Déclarations de Jacques Cheminade

Ce que révèle le drame de Carcassonne

mercredi 2 juillet 2008, par Jacques Cheminade

Par Jacques Cheminade

Le drame hors du commun qui s’est produit à Carcassonne révèle ce « relâchement inacceptable » constaté par le président de la République. Cependant, il est tout à fait injuste d’en accuser l’armée alors que l’irresponsabilité s’étend jusqu’au sommet de l’Etat.

Alors que les parents demandent aux enfants de ne pas pointer une arme, même en matière plastique, sur un être humain, que des soldats aient pu tirer à blanc en direction de la foule et derrière un écran de fumée est proprement scandaleux. S’ils ne l’avaient pas fait, le fait que le soldat incriminé ait choisi des balles réelles, et violé les règles de sécurité en ce domaine n’aurait pas eu les mêmes conséquences.

Aussi, à partir de ce terrible accident, c’est toute la question de la responsabilité d’êtres humains exerçant des missions publiques qui se trouve posée. Cette responsabilité commence par le respect de ceux qui doivent l’exercer. C’est le respect dont ils doivent être l’objet qui induit chez eux le respect des autres. Or ce respect du service public, y compris militaire, n’existe pratiquement plus. En effet, Nicolas Sarkozy et ses prédécesseurs ont pratiqué une politique d’adaptation au modèle anglo-saxon qui promeut la supériorité du secteur privé sur le public. Nicolas Sarkozy lui-même est allé jusqu’à traiter les instituteurs de la République comme de simples agents de la transmission du savoir, dépourvus du sens de leur mission.

Aujourd’hui, sa manière de s’en prendre aux militaires, comme s’ils étaient seuls responsables d’une dérive bien plus générale, est un comportement de supérieur s’adressant à ses agents, et non d’un inspirateur appelant au respect d’une mission.
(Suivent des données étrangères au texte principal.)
(* Let $R$ be a t-unital ring and $\widetilde R=\mathbb Z\oplus R$ its unitalization. Then the full subcategory of c-unital left $R$-modules is closed under cokernels in the category of all (nonunital) left $R$-modules if and only if $R$ is a projective unital left $\widetilde R$-module.
   Context: Rings are associative, not necessarily unital; modules are not assumed unital. $\widetilde R=\mathbb Z\oplus R$ is the unital ring obtained by formally adjoining a unit, with $R$ a two-sided ideal; nonunital $R$-modules are the same as unital $\widetilde R$-modules. $R$ is t-unital if $R\otimes_R R\to R$ is an isomorphism. A left $R$-module $P$ is c-unital if $P\to\mathrm{Hom}_R(R,P)$, $p\mapsto(r\mapsto rp)$, is an isomorphism. *)

From HB Require Import structures.
From mathcomp Require Import all_boot all_order all_algebra.
Set Implicit Arguments. Unset Strict Implicit. Unset Printing Implicit Defensive.
Import GRing.Theory.
Local Open Scope ring_scope.

Record nuRing := NuRing {
  nr_sort :> zmodType;
  nr_mul : nr_sort -> nr_sort -> nr_sort;
  nr_mulA : forall r s t, nr_mul (nr_mul r s) t = nr_mul r (nr_mul s t);
  nr_mulDl : forall r s t, nr_mul (r + s) t = nr_mul r t + nr_mul s t;
  nr_mulDr : forall r s t, nr_mul r (s + t) = nr_mul r s + nr_mul r t }.
(* The child is the shortest node label extending [substr T i s] along the
   occurrence at [i]; a leaf always qualifies, so the minimum exists. *)
Lemma st_edge_from T i s : i + s < size T -> st_node T (substr T i s) ->
  exists w, (substr T i s, w) \in st_edges T /\ nth 0 w s = nth 0 T (i + s).
Proof.
move=> fit node_v.
pose P m := (s < m) && st_node T (substr T i m).
have leaf : P (size T - i) by rewrite /P st_node_suffix ?andbT //; lia.
have [m /andP [lt_sm node_w] minm] := ex_minnP (ex_intro P _ leaf).
have le_m : m <= size T - i by apply: minm.
exists (substr T i m); split; last by rewrite nth_substr.
rewrite mem_filter /st_edge /= node_v node_w.
rewrite allpairs_f ?andbT; last 2 first.
- by rewrite mem_filter node_v mem_substrings //; lia.
- by rewrite mem_filter node_w mem_substrings //; lia.
rewrite prefixE !size_substr_fit ?lt_sm; try lia.
rewrite /substr take_takel ?eqxx /=; last by lia.
apply/allP => m'; rewrite mem_iota => /andP [lt_sm' lt_m'm].
rewrite take_takel; last by lia.
apply/negP => node_m'; have := minm m'; rewrite /P node_m' andbT; lia.
Qed.

Definition lz_source (A T : seq nat) k (l : nat) := [exists p : 'I_(size A + k),
  take l (drop p (A ++ T)) == take l (drop k T)].

Lemma lzlen_ge A T k m j : j < k -> m <= size T - k ->
  substr T j m = substr T k m -> m <= lzlen A T k.
Proof.
move=> lt_jk le_m eq_jk; apply: (bigmax_cond_ub (P := lz_source A T k)); first by rewrite ltnS.
have lt_p : size A + j < size A + k by rewrite ltn_add2l.
apply/existsP; exists (Ordinal lt_p) => /=.
by rewrite drop_cat ltnNge leq_addr /= addKn; apply/eqP.
Qed.

Lemma lzlen_gt0 (A T : seq nat) k : A =i T -> k < size T -> 0 < lzlen A T k.
Proof.
move=> eq_AT lt_kT; set a := nth 0 T k.
have A_a : a \in A by rewrite eq_AT mem_nth.
have lt_aA : index a A < size A by rewrite index_mem.
apply: (bigmax_cond_ub (P := lz_source A T k) (y := 1)); first by rewrite ltnS subn_gt0.
have lt_p : index a A < size A + k by lia.
apply/existsP; exists (Ordinal lt_p) => /=.
have lt_aAT : index a A < size (A ++ T) by rewrite size_cat; lia.
by rewrite (drop_nth 0 lt_aAT) (drop_nth 0 lt_kT) nth_cat lt_aA nth_index //= !take0.
Qed.

Section EndmarkedText.

Variable T : seq nat.
Hypothesis T_gt1 : 1 < size T.
Hypothesis T_last : nth 0 T (size T).-1 = 0.
Hypothesis T_pos : forall i, i < (size T).-1 -> 0 < nth 0 T i.

Lemma endmarker_unique i : i < size T -> nth 0 T i = 0 -> i = (size T).-1.
Proof.
move=> lt_iT Ti0; case: (ltnP i (size T).-1) => [/T_pos|]; last by lia.
by rewrite Ti0.
Qed.

Lemma occs_everywhere W : size (occs T W) = size T -> W = [::].
Proof.
case: W => // a W occ_all.
have /allP occ : all (circ_occ T (a :: W)) (iota 0 (size T)).
  by rewrite all_count -size_filter size_iota occ_all.
have /circ_occP occ_first : circ_occ T (a :: W) 0 by apply: occ; rewrite mem_iota; lia.
have /circ_occP occ_last : circ_occ T (a :: W) (size T).-1.
  by apply: occ; rewrite mem_iota; lia.
have T_pred_gt0 : 0 < (size T).-1 by lia.
move: (occ_first 0 isT) (occ_last 0 isT) (T_pos T_pred_gt0).
by rewrite !addn0 !modn_small ?T_last //=; lia.
Qed.

Lemma circ_occ_linear W x : x < size T -> (forall t, t < size W -> 0 < nth 0 W t) ->
  circ_occ T W x -> x + size W < size T /\ substr T x (size W) = W.
Proof.
move=> lt_xT W_pos /circ_occP occ.
case: (ltnP (x + size W) (size T)) => [fit | wrap].
  split => //; apply: (eq_from_nth (x0 := 0)); first by rewrite size_substr_fit; lia.
  move=> t; rewrite size_substr_fit; last by lia.
  by move=> ltt; rewrite nth_substr // -occ // modn_small //; lia.
have ltt : (size T).-1 - x < size W by lia.
have := occ _ ltt; rewrite (_ : x + _ = (size T).-1); last by lia.
by rewrite modn_small ?T_last; [move=> W0; have := W_pos _ ltt; rewrite -W0 | lia].
Qed.

(* Circular occurrences of a string avoiding the endmarker are linear, so the
   distinct circular right extensions are also linear ones. *)
Lemma st_right_ext_branches W : (forall t, t < size W -> 0 < nth 0 W t) ->
  branches_right T W -> 1 < size (st_right_ext T W).
Proof.
move=> W_pos [x1 [x2 [occ1 occ2 next_neq]]].
suff st_next x : x \in occs T W -> next_char T W x \in st_right_ext T W.
  exact: size_gt1_mem (st_next _ occ1) (st_next _ occ2) next_neq.
rewrite mem_occs => /andP [lt_xT occx].
have [fit eqW] := circ_occ_linear lt_xT W_pos occx.
rewrite mem_undup /next_char modn_small //.
by apply: map_f; rewrite mem_filter mem_iota fit lt_xT /= andbT; exact/eqP.
Qed.

(* Unlike [lzlen], [prev_len k] only looks for earlier sources inside [T]. *)
Definition occurs_before k m := [exists j : 'I_k, substr T j m == substr T k m].
Definition prev_len k := \max_(m < (size T - k).+1 | occurs_before k m) m.
Local Notation rep_end k := (k + prev_len k).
Nous devons le regretter surtout à un moment où le président de la république n’a pas su communiquer un sens de mission concernant l’Europe elle-même, conçue comme une addition d’initiatives exercées là aussi par des agents. C’est de cette instrumentalisation de l’être humain, de plus en plus évalué comme une marchandise, dont il faut sortir pour redonner un horizon à la société. Le drame de Carcassonne nous rappelle ainsi qu’on ne sait plus mesurer les conséquences des actes publiques, de haut en bas de la hiérarchie. La France et l’Europe manquent d’inspirateurs, elles sont liées par les systèmes de Maastricht, d’Amsterdam et de Lisbonne comme les soldats de Carcassonne étaient liés par le règlement militaire. Il y a une urgence à redonner une âme à la chose publique, de redevenir réellement républicain.